- **Problem to solve**: From the listing below, output only the lines starting at the line that has "Unset Implicit Arguments." and ending at the line that has "- split=> //", exactly as they appear, ends included.

- **Given records**:
--- --- ---

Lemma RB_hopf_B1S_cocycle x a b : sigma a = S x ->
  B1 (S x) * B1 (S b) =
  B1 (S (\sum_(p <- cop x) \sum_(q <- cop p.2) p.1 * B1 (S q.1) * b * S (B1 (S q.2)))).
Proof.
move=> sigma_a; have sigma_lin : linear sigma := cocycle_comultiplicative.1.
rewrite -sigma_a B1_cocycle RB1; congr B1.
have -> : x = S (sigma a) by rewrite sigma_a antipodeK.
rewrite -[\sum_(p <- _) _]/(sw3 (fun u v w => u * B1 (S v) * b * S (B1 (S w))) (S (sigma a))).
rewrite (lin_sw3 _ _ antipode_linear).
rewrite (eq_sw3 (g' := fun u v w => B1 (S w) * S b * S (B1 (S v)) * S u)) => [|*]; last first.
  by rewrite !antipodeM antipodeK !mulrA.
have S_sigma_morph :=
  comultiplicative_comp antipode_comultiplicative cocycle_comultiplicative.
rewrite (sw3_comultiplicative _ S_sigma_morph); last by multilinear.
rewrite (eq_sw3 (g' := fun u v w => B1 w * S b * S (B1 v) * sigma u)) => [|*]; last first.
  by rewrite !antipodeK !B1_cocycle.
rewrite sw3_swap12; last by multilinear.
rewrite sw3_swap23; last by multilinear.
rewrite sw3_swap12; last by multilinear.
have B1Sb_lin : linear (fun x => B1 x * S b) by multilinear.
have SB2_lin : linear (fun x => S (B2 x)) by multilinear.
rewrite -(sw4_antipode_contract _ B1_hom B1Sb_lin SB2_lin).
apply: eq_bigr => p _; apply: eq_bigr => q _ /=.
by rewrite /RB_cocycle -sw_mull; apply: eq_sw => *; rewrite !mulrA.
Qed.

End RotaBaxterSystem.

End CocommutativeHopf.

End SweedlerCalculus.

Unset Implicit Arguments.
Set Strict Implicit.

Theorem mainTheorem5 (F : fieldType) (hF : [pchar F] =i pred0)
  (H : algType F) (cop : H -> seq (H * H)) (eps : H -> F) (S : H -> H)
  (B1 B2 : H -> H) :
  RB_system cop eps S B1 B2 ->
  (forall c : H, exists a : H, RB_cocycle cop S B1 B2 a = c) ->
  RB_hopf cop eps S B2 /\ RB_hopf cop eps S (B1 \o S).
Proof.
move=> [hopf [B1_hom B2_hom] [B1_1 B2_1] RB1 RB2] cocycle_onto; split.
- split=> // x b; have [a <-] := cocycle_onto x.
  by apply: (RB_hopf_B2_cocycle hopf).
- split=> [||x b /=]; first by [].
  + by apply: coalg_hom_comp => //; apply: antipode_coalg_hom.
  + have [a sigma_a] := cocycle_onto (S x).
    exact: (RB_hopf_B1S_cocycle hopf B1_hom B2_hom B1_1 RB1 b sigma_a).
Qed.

--- --- ---

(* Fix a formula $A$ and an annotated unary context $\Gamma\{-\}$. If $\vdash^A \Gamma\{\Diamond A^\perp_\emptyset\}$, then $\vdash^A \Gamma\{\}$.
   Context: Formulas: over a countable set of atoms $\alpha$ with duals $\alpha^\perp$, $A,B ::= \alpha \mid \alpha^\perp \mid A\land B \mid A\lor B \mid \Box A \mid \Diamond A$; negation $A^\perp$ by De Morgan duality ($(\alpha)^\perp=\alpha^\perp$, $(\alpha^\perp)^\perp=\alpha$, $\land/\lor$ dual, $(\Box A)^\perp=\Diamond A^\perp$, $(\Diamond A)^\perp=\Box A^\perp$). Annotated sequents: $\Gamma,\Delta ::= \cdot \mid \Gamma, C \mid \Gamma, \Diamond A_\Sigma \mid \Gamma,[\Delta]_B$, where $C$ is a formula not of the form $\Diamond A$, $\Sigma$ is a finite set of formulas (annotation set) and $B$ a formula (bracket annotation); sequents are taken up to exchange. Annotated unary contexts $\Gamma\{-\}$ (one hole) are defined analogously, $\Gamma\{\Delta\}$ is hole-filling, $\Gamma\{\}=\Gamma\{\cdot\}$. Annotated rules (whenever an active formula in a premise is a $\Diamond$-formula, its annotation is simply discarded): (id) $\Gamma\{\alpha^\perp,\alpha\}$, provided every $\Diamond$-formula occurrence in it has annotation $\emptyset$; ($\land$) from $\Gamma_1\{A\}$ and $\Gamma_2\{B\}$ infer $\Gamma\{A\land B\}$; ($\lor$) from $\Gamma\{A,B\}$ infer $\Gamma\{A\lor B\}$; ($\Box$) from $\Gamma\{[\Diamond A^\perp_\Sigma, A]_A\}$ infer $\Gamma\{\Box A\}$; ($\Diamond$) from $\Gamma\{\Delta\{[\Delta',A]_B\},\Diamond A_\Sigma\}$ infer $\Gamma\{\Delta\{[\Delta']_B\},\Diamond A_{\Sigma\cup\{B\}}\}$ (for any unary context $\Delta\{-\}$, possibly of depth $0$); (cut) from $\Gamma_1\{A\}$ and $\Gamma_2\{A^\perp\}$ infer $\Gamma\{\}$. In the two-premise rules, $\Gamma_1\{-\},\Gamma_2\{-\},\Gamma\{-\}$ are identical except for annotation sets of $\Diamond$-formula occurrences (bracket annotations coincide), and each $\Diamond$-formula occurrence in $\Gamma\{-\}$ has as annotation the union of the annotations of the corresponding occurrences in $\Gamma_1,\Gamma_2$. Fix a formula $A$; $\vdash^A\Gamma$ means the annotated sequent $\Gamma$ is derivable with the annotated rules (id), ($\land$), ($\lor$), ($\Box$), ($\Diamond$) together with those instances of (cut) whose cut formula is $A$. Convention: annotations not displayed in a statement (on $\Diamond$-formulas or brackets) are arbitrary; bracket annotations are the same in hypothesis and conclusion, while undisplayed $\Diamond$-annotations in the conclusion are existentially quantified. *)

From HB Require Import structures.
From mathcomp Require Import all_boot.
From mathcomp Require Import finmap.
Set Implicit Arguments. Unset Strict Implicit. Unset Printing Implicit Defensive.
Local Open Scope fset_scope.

--- --- ---

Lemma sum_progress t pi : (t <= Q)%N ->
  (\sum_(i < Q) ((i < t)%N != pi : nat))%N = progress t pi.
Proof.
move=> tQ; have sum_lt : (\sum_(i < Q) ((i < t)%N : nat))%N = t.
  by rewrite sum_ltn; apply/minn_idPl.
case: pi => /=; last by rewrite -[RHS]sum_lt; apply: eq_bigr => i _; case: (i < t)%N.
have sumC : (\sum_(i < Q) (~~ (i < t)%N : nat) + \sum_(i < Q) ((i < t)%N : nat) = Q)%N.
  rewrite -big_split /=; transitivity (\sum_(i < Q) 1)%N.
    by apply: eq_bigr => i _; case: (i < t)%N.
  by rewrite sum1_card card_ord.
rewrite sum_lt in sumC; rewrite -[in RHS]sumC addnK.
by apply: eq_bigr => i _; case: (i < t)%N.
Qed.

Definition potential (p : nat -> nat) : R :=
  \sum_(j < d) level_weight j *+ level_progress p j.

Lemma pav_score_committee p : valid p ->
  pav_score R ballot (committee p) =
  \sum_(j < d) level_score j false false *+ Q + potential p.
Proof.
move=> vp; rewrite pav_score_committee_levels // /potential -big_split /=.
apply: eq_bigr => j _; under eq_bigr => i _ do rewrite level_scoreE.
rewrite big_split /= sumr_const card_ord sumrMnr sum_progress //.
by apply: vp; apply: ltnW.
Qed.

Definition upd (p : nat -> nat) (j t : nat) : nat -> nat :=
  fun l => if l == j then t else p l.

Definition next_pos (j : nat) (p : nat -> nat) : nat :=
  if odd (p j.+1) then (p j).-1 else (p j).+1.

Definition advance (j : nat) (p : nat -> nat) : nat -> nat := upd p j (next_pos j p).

--- --- ---

- **Solution for this exercise**:
Unset Implicit Arguments.
Set Strict Implicit.

Theorem mainTheorem5 (F : fieldType) (hF : [pchar F] =i pred0)
  (H : algType F) (cop : H -> seq (H * H)) (eps : H -> F) (S : H -> H)
  (B1 B2 : H -> H) :
  RB_system cop eps S B1 B2 ->
  (forall c : H, exists a : H, RB_cocycle cop S B1 B2 a = c) ->
  RB_hopf cop eps S B2 /\ RB_hopf cop eps S (B1 \o S).
Proof.
move=> [hopf [B1_hom B2_hom] [B1_1 B2_1] RB1 RB2] cocycle_onto; split.
- split=> // x b; have [a <-] := cocycle_onto x.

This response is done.